Patience, among spirits, was not a virtue, it was a simple trait that could be as troublesome for the humans that dealt with it as it was intuitive for nature. They could rush or they could wait, time was a human concept.

At the least, in this instance, it meant Samaire was free to recover her poise (inasmuch as she was able) without prompting or annoyance. Though the nymph’s stare never wavered, neither did her interest in the answer. So, when it finally came, as jumbled as might be expected of a human’s clumsy tongue, she listened. Beside her, Matiir lay still, head on his arm, eyes rolled upwards to watch the distress on the human who had kept him and fed him. He did not know enough to be glad of her tears. He would not have understood why he should be, besides, salt water was not for drinking, and every other human who made such noises only brought trouble for him.

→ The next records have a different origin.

(* There is $k_0$ such that the following holds for every $k\geq k_0$ and every $t\leq k^{1/5}$. Every finite bipartite graph $G$ with $d(G)\geq k$ contains either (1) a subgraph $H$, bipartite with vertex classes $A$ and $B$, such that $d(H)\geq k/4$, $d_H(v)\leq k$ for every $v\in A$, and $|A|\geq k^6|B|$; or (2) a $C_4$-free subgraph with average degree at least $t$.
   Context: $d(F)=2e(F)/|V(F)|$ is the average degree and $d_H(v)$ the degree of $v$ in $H$. A graph is $C_4$-free if it contains no $4$-cycle as a subgraph. *)

From mathcomp Require Import all_boot.
From Stdlib Require Import Reals.
Set Implicit Arguments. Unset Strict Implicit. Unset Printing Implicit Defensive.

Section Graphs.
Variable T : finType.

(* A finite simple graph on vertex type T is a symmetric irreflexive relation e.
   Edges are 2-element sets {x,y}. *)
Definition graph_edges (e : rel T) : {set {set T}} :=
  [set s | [exists x, exists y, [&& x != y, e x y & s == [set x; y]]]].

Definition is_subgraph (e : rel T) (V : {set T}) (F : {set {set T}}) : Prop :=
  forall s, s \in F -> exists x y, [/\ x \in V, y \in V, x != y, e x y & s = [set x; y]].

Definition avg_deg (V : {set T}) (F : {set {set T}}) : R :=
  if #|V| == 0%N then 0%R else (2 * INR #|F| / INR #|V|)%R.

Definition deg (F : {set {set T}}) (v : T) : nat := #|[set u | [set u; v] \in F]|.

Definition C4_free (F : {set {set T}}) : Prop :=
  ~ exists a b c d : T,
      [/\ uniq [:: a; b; c; d],
          [set a; b] \in F, [set b; c] \in F, [set c; d] \in F & [set d; a] \in F].

Definition bipartite (e : rel T) : Prop :=
  exists A B : {set T}, [/\ [disjoint A & B], A :|: B = setT &
    forall x y, e x y -> (x \in A /\ y \in B) \/ (x \in B /\ y \in A)].

Definition bipartite_with (A B : {set T}) (F : {set {set T}}) : Prop :=
  [disjoint A & B] /\
  forall s, s \in F -> exists a b, [/\ a \in A, b \in B & s = [set a; b]].

End Graphs.

(* Let N = floor k and let K be least with N < K^5, so that t <= K.  Pass to a
   subgraph of minimum degree > N/2 and keep N/2 neighbours, in the other
   colour class Y, of each vertex of the larger class X.  Call y in Y heavy if
   more than (N+1)^8 vertices of X see it.  Either the vertices of X with N/7
   heavy neighbours outnumber the heavy vertices by a factor (N+1)^6, and these
   stars give alternative (1), or at least half of X keeps most of its
   neighbourhood among the light vertices, whose degrees are below K^41.
   Grouping the light vertices into the 41 classes K^j <= deg < K^(j+1), one
   class V carries a 1/41 share of the edges.  Take a maximal family of
   500K-subsets S_c of the neighbourhoods in V, pairwise sharing at most one
   vertex: the union of the stars from c to S_c is C_4-free.  By maximality,
   no other x of X has 500K neighbours no two of which lie in a common S_c, so
   many pairs of its neighbours do; as every vertex of V has fewer than
   K^(j+1) neighbours, the family uses a positive fraction of X, and its union
   has average degree at least K >= t. *)

(* Reals comes first so that MathComp's notations for nat arithmetic win. *)
From Stdlib Require Import Reals Lra ZArith.
From mathcomp Require Import all_boot zify.
Set Implicit Arguments. Unset Strict Implicit. Unset Printing Implicit Defensive.
(* Let $\nu$ be a class (ii) distribution with associated functions $f,\varphi,\Phi$ and assume one of the following: (i) $\Phi^{-1}$ is pseudo-regularly varying; (ii) $\nu$ is a Weibull distribution with shape $k\in(0,1)$ and scale $\lambda>0$ (with $\Phi(x)=(x/\lambda)^k$); (iii) $\nu$ is a generalized lognormal distribution with $r>1$ (with $\Phi(x)=\frac{1}{r\sigma^r}\log(x)^r$). Let $\theta>1$ and let $\eta$ be a distribution with density $g$ such that $\liminf_{x\to\infty}x^{t+1}g(x)>0$ for some $t\in(1,\theta)$. Then $D_{F_\Phi}(\eta|\nu)=\infty$.
   Context: Densities are written $f=e^{-\varphi}$. For strictly convex $F$ with $F(1)=0$, $D_F(\eta|\nu)=\int_0^\infty F(g/f)f\,dx$ if $\eta\ll\nu$ and $+\infty$ otherwise. Class (ii): $\lim_{x\to\infty}\varphi(x)/x=0$, $\lim_{x\to\infty}\varphi(x)/\log x=\infty$, and there exist $\bar x>0$ and $\Phi:\mathbb R_+\to\mathbb R$ positive, strictly concave, twice differentiable and increasing on $[\bar x,\infty)$ such that, with $\Phi^{-1}$ the inverse of $\Phi|_{[\bar x,\infty)}$, $0<\liminf_{x\to\infty}\Phi^{-1}(\varphi(x))/x\le\limsup_{x\to\infty}\Phi^{-1}(\varphi(x))/x<\infty$. With $\bar y=\exp(\Phi(\bar x))$: $F_\Phi(y)=y\log y$ for $y\le\bar y$ and $F_\Phi(y)=a\,y\,\Phi^{-1}(\log y)^\theta+b$ for $y>\bar y$, where $a=\frac{1+\log\bar y}{\Phi^{-1}(\log\bar y)^\theta+\theta\Phi^{-1}(\log\bar y)^{\theta-1}(\Phi^{-1})'(\log\bar y)}$, $b=\bar y\log\bar y-a\bar y\Phi^{-1}(\log\bar y)^\theta$. A measurable $h:\mathbb R_+\to(0,\infty)$ is pseudo-regularly varying if $\limsup_{c\to1}\limsup_{x\to\infty}h(cx)/h(x)=1$. The Weibull density with scale $\lambda>0$, shape $k\in(0,1)$ is $f(x)=\frac{k}{\lambda}(x/\lambda)^{k-1}e^{-(x/\lambda)^k}$ for $x\ge0$. The generalized lognormal density is $f(x)=\frac{1}{Zx}\exp\!\big(-\frac{1}{r\sigma^r}|\log x-\mu|^r\big)$, $x>0$, with $Z=2r^{1/r}\sigma\Gamma(1+1/r)$, $r>1$, $\sigma>0$, $\mu\in\mathbb R$. *)

From Stdlib Require Import Reals Lra.
Open Scope R_scope.
Lemma assert_pre_redundantP P Q S : projector P -> projector Q -> wf S ->
  prog_equiv (Seq S (assertV Q)) (Seq (Seq (assertV P) S) (assertV Q)) <->
  hoare (orthc P) S (orthc Q).
Proof.
move=> hP hQ wfS; split=> [[_ refine21] rho E pdo_rho semE rhoPp|PSQ].
  (* [{orthc P} {P};S;{Q} {0}] holds trivially, and transfers to [S;{Q}]. *)
  have PSQ_0 : hoare (orthc P) (Seq (Seq (assertV P) S) (assertV Q)) zo.
    move=> rho' _ _ [_ [_ [[_ [E' [/sem_assertVE -> semE' ->]]] /sem_assertVE -> ->]]] rho'Pp /=.
    have -> : P *o rho' *o P = zo.
      by rewrite -(models_mulo (projector_orthc hP) rho'Pp) -muloA mulo_orthc // !mul0o.
    by rewrite (lin0 (sem_posmap wfS semE').1) mulo0 mul0o; exact: models0.
  have /models_zero QEQ0 :=
    refine21 _ _ (projector_orthc hP) projector0 PSQ_0 rho _ pdo_rho (sem_seq_assert Q semE) rhoPp.
  apply: psd_models_orthc => // [|x]; first by apply: (sem_posmap wfS semE).2; case: pdo_rho.
  by rewrite -(proj_herm hQ) -appo_ket -formo_sandw proj_herm // QEQ0 formo0.
apply: equiv_of_sem_eq => [_ [E [EQ [semE /sem_assertVE -> ->]]]|].
  exists (fun rho => Q *o E (P *o rho *o P) *o Q) => [|rho [psd_rho _]].
    exact/sem_seq_assert/sem_assert_seq.
  exact: hoare_orthc_compress hP hQ PSQ wfS semE psd_rho.
move=> _ [_ [_ [[_ [E [/sem_assertVE -> semE ->]]] /sem_assertVE -> ->]]].
exists (fun rho => Q *o E rho *o Q) => [|rho [psd_rho _]]; first exact: sem_seq_assert.
by rewrite (hoare_orthc_compress hP hQ PSQ wfS semE psd_rho).
Qed.

End PreconditionRedundant.

(** * Strongest postconditions and weakest liberal preconditions *)

Section WeightOutside.
Context (R : realType) (I : finType).
Local Notation opr := (opr R I).
Local Notation vect := (vect R I).
Local Notation zo := (zeroo R (I:=I)).
Implicit Types (A D Q : opr) (u w : vect).

(* The trace of [orthc Q *o A *o orthc Q]. *)
Definition weight_out Q A := \sum_x formo A (colo (orthc Q) x) (colo (orthc Q) x).

Lemma weight_out_ge0 Q A : psd A -> 0 <= weight_out Q A.
Proof. by move=> /psdE[_ posA]; apply: sumr_ge0 => x _; apply: posA. Qed.

Lemma weight_out_add Q A D : weight_out Q (addo A D) = weight_out Q A + weight_out Q D.
Proof. by rewrite /weight_out -big_split; apply: eq_bigr => x _; rewrite formo_addo. Qed.

Lemma weight_out_scale Q c A : weight_out Q (scaleo c A) = c * weight_out Q A.
Proof. by rewrite /weight_out mulr_sumr; apply: eq_bigr => x _; rewrite formo_scaleo. Qed.

Lemma weight_out_sum Q (J : Type) (s : seq J) (f : J -> opr) :
  weight_out Q (fun x y => \sum_(j <- s) f j x y) = \sum_(j <- s) weight_out Q (f j).
Proof.
elim: s => [|j s IHs].
  rewrite big_nil (_ : (fun x y => _) = zo); last by apply: opr_ext => x y; rewrite big_nil.
  by rewrite /weight_out big1 // => x _; rewrite formo0.
rewrite big_cons -IHs -weight_out_add; congr weight_out.
by apply: opr_ext => x y; rewrite big_cons.
Qed.

Lemma models_weight_out Q A : psd A -> projector Q -> models A Q <-> weight_out Q A = 0.
Proof.
move=> psdA hQ; split=> [AQ|A0].
  have AQp : A *o orthc Q = zo.
    rewrite /orthc mulo_subr mulo1 (models_mulo_r hQ (psd_herm psdA) AQ).
    by apply: opr_ext => x y; rewrite /subo subrr.
  rewrite /weight_out big1 // => x _.
  by rewrite /formo -appo_ket -appo_mulo AQp appo_zeroo /ip big1 // => y _; rewrite mulr0.
rewrite -(orthcK Q); apply: psd_models_orthc => //; first exact: projector_orthc.
move: A0 => /eqP; rewrite psumr_eq0 => [/allP A0 x|x _]; last by have /psdE[_] := psdA; apply.
by apply/eqP; have := A0 x (mem_index_enum x).
Qed.
Section SplitBlock.
Variables (R : realType) (h : R -> R) (a c b : R) (P0 : seq (R * R)).
Hypothesis hbij : set_bij (@X R) (@X R) h.
Hypothesis A : assoc_partition h ((a, b) :: P0).
Hypothesis A' : assoc_partition h [:: (a, c), (c, b) & P0].
Hypothesis cI : a < c < b.

Local Notation P := ((a, b) :: P0).
Local Notation P' := [:: (a, c), (c, b) & P0].
Local Notation T := (left_values h P0).

Let blk_ab : cont_block h a b := assoc_partition_cont_block A (mem_head _ _).

Lemma hc_notin_left_values : h c \notin h a :: T.
Proof.
have := left_values_uniq hbij A'; rewrite /left_values /= inE negb_or.
by case/and3P => /andP[hac _] hcT _; rewrite inE negb_or eq_sym hac.
Qed.

Lemma sigma_split_left_values : {in T, sigma h P' =1 sigma h P}.
Proof.
move=> _ /mapP [q qP ->].
by rewrite (sigma_left_value hbij A') ?(sigma_left_value hbij A) // !inE qP !orbT.
Qed.

Lemma sigma_split_a : sigma h P' (h a) = beta h (a, c).
Proof. by rewrite (sigma_left_value hbij A' (mem_head _ _)). Qed.

Lemma sigma_split_c : sigma h P' (h c) = beta h (c, b).
Proof. by rewrite (sigma_left_value hbij A' (p := (c, b))) // !inE eqxx orbT. Qed.

Lemma sigma_unsplit_a : sigma h P (h a) = beta h (a, b).
Proof. by rewrite (sigma_left_value hbij A (mem_head _ _)). Qed.

Lemma eps_split_increasing : increasing_on h (a, b) -> eps h P' = eps h P.
Proof.
move=> incr; have /andP[ac cb] := cI.
have [beta_ac beta_cb] := beta_split_increasing hbij blk_ab cI incr.
have not_decr p : a <= p.1 -> p.1 < p.2 -> p.2 <= b -> ~ decreasing_on h p.
  by move=> ap p12 pb; apply: increasing_on_not_decreasing p12 (increasing_on_sub _ _ incr).
have nd_ab : ~ decreasing_on h (a, b) by apply: not_decr; rewrite /= ?lexx ?(lt_trans ac).
have nd_ac : ~ decreasing_on h (a, c) by apply: not_decr; rewrite /= ?lexx ?ltW.
have nd_cb : ~ decreasing_on h (c, b) by apply: not_decr; rewrite /= ?lexx ?ltW.
rewrite /eps /Rdec /= (asboolF nd_ab) (asboolF nd_ac) (asboolF nd_cb).
have sigma_eq : {in h a :: T, sigma h P' =1 sigma h P}.
  move=> x /[!inE] /orP[/eqP ->|]; last exact: sigma_split_left_values.
  by rewrite sigma_split_a sigma_unsplit_a beta_ac.
rewrite !sgn_on_inversions (perm_inversions _ (permEl (perm_catCA [:: _] [:: _] _))).
rewrite /= odd_inversions_cons_fixed ?(eq_in_inversions sigma_eq) ?hc_notin_left_values //.
  have -> : map (sigma h P') (h a :: T) = map (sigma h P) (h a :: T) by apply/eq_in_map.
  exact: sigma_perm_left_values A.
by rewrite sigma_split_c beta_cb.
Qed.

(* sigma_(h,P') is sigma_(h,P), with h c added as a fixed point, composed with
   the transposition of h a and h c. *)
Lemma eps_split_decreasing : decreasing_on h (a, b) -> eps h P' = eps h P.
Proof.
move=> decr; have /andP[ac cb] := cI.
have [beta_ac beta_cb] := beta_split_decreasing hbij blk_ab cI decr.
have hcS := hc_notin_left_values; have pS := sigma_perm_left_values hbij A.
have decr_ac : decreasing_on h (a, c) by apply: decreasing_on_sub decr; rewrite /= ?lexx ?ltW.
have decr_cb : decreasing_on h (c, b) by apply: decreasing_on_sub decr; rewrite /= ?lexx ?ltW.
rewrite /eps /Rdec /= (asboolT decr) (asboolT decr_ac) (asboolT decr_cb).
set fixc := fun x => if x == h c then h c else sigma h P x.
have fixcE : {in h a :: T, fixc =1 sigma h P}.
  by move=> x xS; rewrite /fixc; case: eqP => // ex; move: hcS; rewrite -ex xS.
have fixc_a : fixc (h a) = beta h (a, b) by rewrite fixcE ?mem_head ?sigma_unsplit_a.
have fixc_c : fixc (h c) = h c by rewrite /fixc eqxx.
have swap : odd (inversions (sigma h P') [:: h a, h c & T]) =
            ~~ odd (inversions fixc [:: h a, h c & T]).
  have [hac hcT] : h a != h c /\ h c \notin T.
    by move: hcS; rewrite inE negb_or eq_sym => /andP[].
  have /andP[haT _] : uniq (h a :: T) := left_values_uniq hbij A.
  have /andP[sigma_aT _] : uniq (map (sigma h P) (h a :: T)).
    by rewrite (perm_uniq pS) (left_values_uniq hbij A).
  have sigma_mem x : x \in h a :: T -> sigma h P x \in h a :: T.
    by move=> xS; rewrite -(perm_mem pS) map_f.
  apply: odd_inversions_swap; rewrite ?fixc_a ?fixc_c ?sigma_split_a ?sigma_split_c //.
  - by rewrite -sigma_unsplit_a; apply: contraNneq hcS => <-; rewrite sigma_mem ?mem_head.
  - move=> t tT; rewrite fixcE ?inE ?tT ?orbT // -sigma_unsplit_a; split.
      by apply: contraNneq sigma_aT => <-; rewrite map_f.
    by apply: contraNneq hcS => <-; rewrite sigma_mem // inE tT orbT.
  - by move=> t tT; rewrite sigma_split_left_values // fixcE // inE tT orbT.
have fixed : odd (inversions fixc [:: h a, h c & T]) = odd (inversions (sigma h P) (h a :: T)).
  rewrite (perm_inversions _ (permEl (perm_catCA [:: _] [:: _] _))) /=.
  rewrite odd_inversions_cons_fixed ?(eq_in_inversions fixcE) //.
  by have -> : map fixc (h a :: T) = map (sigma h P) (h a :: T) by apply/eq_in_map.
rewrite !sgn_on_inversions swap fixed !oddD /=.
by case: (odd (count _ _)); case: (odd (inversions _ _)).
Qed.

Lemma eps_split : eps h P' = eps h P.
Proof.
by case: (cont_block_monotone hbij blk_ab);
  [apply: eps_split_increasing | apply: eps_split_decreasing].
Qed.

End SplitBlock.

Section Refinement.
Variables (R : realType) (h : R -> R).
Implicit Types (P Q : seq (R * R)) (C : seq R).

Definition cuts P : seq R := [seq p.1 | p <- P].

Lemma assoc_partition_split a c b P0 : assoc_partition h ((a, b) :: P0) -> a < c < b ->
  assoc_partition h [:: (a, c), (c, b) & P0].
Proof.
move=> [blocks cover cont] /andP[ac cb].
have [a0 [_ b1]] := blocks _ (mem_head _ _).
split=> [q|x Xx|q].
- rewrite !inE => /orP[/eqP ->|/orP[/eqP ->|qP]] /=.
  + by rewrite a0 ac (le_trans (ltW cb) b1).
  + by rewrite (le_trans a0 (ltW ac)) cb b1.
  + by apply: blocks; rewrite inE qP orbT.
- rewrite -(cover x Xx) /= addnA; congr addn.
  case: (ltP x c) => xc /=.
    by rewrite (lt_trans xc cb) andbT addn0.
  by rewrite (le_trans (ltW ac) xc) andbF.
- rewrite !inE => /orP[/eqP ->|/orP[/eqP ->|qP]] x /andP[qx xq].
  + by apply: (cont _ (mem_head _ _)); rewrite /= qx (lt_trans xq cb).
  + by apply: (cont _ (mem_head _ _)); rewrite /= xq (lt_trans ac qx).
  + by apply: (cont q); rewrite ?inE ?qP ?orbT ?qx.
Qed.
Lemma lexact_kernel {C : lmodType R -> Prop} {n} {A} {Y : nat -> lmodType R}
    {e : forall i, {linear Y i -> Y i.-1}} {a : {linear A -> Y n.+2}} :
  lexact C n.+2 A Y e a ->
  exists (K : lmodType R) (k : {linear K -> Y 1%N}) (e2 : {linear Y 2%N -> K}),
    short_exact k (e 1%N) /\
    lexact C n.+1 A (mcons K (shift (shift Y))) (mcons_d e2 (shift_d (shift_d e))) a.
Proof.
move=> [a_inj top_exact mid_exact e1_surj mid_C].
have [K [k [k_inj k_im]]] := kernel_exists (e 1%N).
have e1_exact := mid_exact 1%N erefl.
have [e2 he2] : exists e2 : {linear Y 2%N -> K}, forall y, k (e2 y) = e 2%N y.
  by apply: factor_inj => // y; apply/k_im; apply/e1_exact; exists y.
have ker_shift i y : mcons_d e2 (shift_d (shift_d e)) i.+1 y = 0 <-> e i.+2 y = 0.
  case: i y => [|i] y //=; split=> [e2y0 | e2y0]; first by rewrite -he2 e2y0 linear0.
  by apply: (inj_eq0 k_inj); rewrite he2.
exists K, k, e2; split; first by split => // y; split=> /k_im.
split => //.
- by move=> y; rewrite ker_shift; apply: top_exact.
- by move=> [|i] // /andP [_ hi] y; rewrite ker_shift; exact: (mid_exact i.+2 hi y).
- move=> z; have /e1_exact [y hy] : e 1%N (k z) = 0 by apply/k_im; exists z.
  by exists y; apply: k_inj; rewrite he2.
- by move=> [|i] // /andP [_ hi]; exact: (mid_C i.+2 hi).
Qed.

Lemma lexact_pullback {C : lmodType R -> Prop} {n} {A B E : lmodType R} {Y : nat -> lmodType R}
    {e : forall i, {linear Y i -> Y i.-1}} {a : {linear A -> Y n.+1}}
    {g : {linear B -> Y 0%N}} {p1 : {linear E -> Y 1%N}} {p2 : {linear E -> B}} :
  lexact C n.+1 A Y e a -> pullback_square (e 1%N) g p1 p2 -> C E ->
  exists (e' : forall i, {linear mcons B (mcons E (shift (shift Y))) i ->
                                 mcons B (mcons E (shift (shift Y))) i.-1})
    (a' : {linear A -> mcons B (mcons E (shift (shift Y))) n.+1}),
    lexact C n.+1 A (mcons B (mcons E (shift (shift Y)))) e' a'.
Proof.
move=> L pb E_C; case: (L) => a_inj top_exact mid_exact e1_surj mid_C.
have [comm _ joint_inj] := pb.
have p2_surj := pullback_surj pb e1_surj.
have lift (W : lmodType R) (h : {linear W -> Y 1%N}) : (forall w, e 1%N (h w) = 0) ->
    exists h' : {linear W -> E}, [/\ forall w, p1 (h' w) = h w, forall w, p2 (h' w) = 0 &
      ((forall y, e 1%N y = 0 <-> exists w, h w = y) -> forall x, p2 x = 0 <-> exists w, h' w = x)].
  move=> h0; have comm0 w : e 1%N (h w) = g ((\0 : {linear W -> B}) w) by rewrite h0 /= linear0.
  have [h' hh'] := pullback_lift pb comm0.
  exists h'; split=> [w | w | h_im x]; [by case: (hh' w) | by case: (hh' w) | ].
  split=> [p2x0 | [w <-]]; last by case: (hh' w).
  have /h_im [w hw] : e 1%N (p1 x) = 0 by rewrite comm p2x0 linear0.
  by exists w; case: (hh' w) => pw p2w; apply: joint_inj; rewrite ?pw ?p2w ?hw ?p2x0.
case: n a L a_inj top_exact mid_exact mid_C => [|n] a L a_inj top_exact mid_exact mid_C.
-
  have [a' [pa' p2a' a'_im]] := lift _ a (fun w => (top_exact _).2 (ex_intro _ w erefl)).
  exists (mcons_d p2 (mcons_d \0 (shift_d (shift_d e)))), a'; split => //.
  + by move=> w w' e'; apply: a_inj; rewrite -!pa' e'.
  + exact: a'_im.
  + by move=> i /andP [i_gt0 i_lt1]; case: i i_gt0 i_lt1 => [|[|]].
  + by move=> [|[|]].
- have e1_exact := mid_exact 1%N erefl.
  have [e2' [pe2' p2e2' e2'_im]] := lift _ (e 2%N) (fun y => (e1_exact _).2 (ex_intro _ y erefl)).
  have ker_shift i y : mcons_d p2 (mcons_d e2' (shift_d (shift_d e))) i.+2 y = 0 <-> e i.+2 y = 0.
    case: i y => [|i] y //=; split=> [e2y0 | e2y0]; first by rewrite -pe2' e2y0 linear0.
    by apply: joint_inj; rewrite ?pe2' ?p2e2' ?e2y0 !linear0.
  exists (mcons_d p2 (mcons_d e2' (shift_d (shift_d e)))), a; split => //.
  + by move=> y; rewrite ker_shift; apply: top_exact.
  + move=> [|[|i]] // /andP [_ hi] y; first exact: (e2'_im e1_exact).
    by rewrite ker_shift; exact: (mid_exact i.+2 hi y).
  + by move=> [|[|i]] // /andP [_ hi]; exact: (mid_C i.+2 hi).
Qed.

When she finally spoke again, still in the language he understood, the youth raised his head and grumbled in the back of his throat. His understanding was instinct, not knowledge, so he could not piece together her scattered words as well as the nymph did, though she did not know the words that came next any more than he did. And together, they studied the human’s desperation as her voice lost all hesitation and became emotion. Enough, without known words, to resonate even with the nymph, whose head tilted slowly, before she nodded. Decision made.

<When you leave, little human, these chains will remain to rust.> She would be sure of it. <The wilds should not be bound. I will give you this one favour for your tale.> Even as she spoke, she was fading, back into the trees that shaped her being, but Samaire’s words had worried her, and Matiir’s distant recognition of trouble, even if he wasn’t sure which she meant, whether from before or after they’d met, it was enough to tell her things were moving where they shouldn’t. So, the wind and the leaves still shaped her words even after she was gone. <Family shares blood among his own, offer him the same and you will need no chains.>

But she would not be leaving with the metal ones she and Matiir had carried between them until now, even had she felt no obligation to obey the nymph’s order. As she’d sunk into the tree around which the chain had been wrapped, so too did the chain, disappearing beneath the bark. If Samaire wanted to bring the man-thing with her, she would either have to let him loose, or carve through the trunk.

Matiir, for whom nothing had changed, merely fell onto his side with a huff of disappointment. Trees were better company than humans.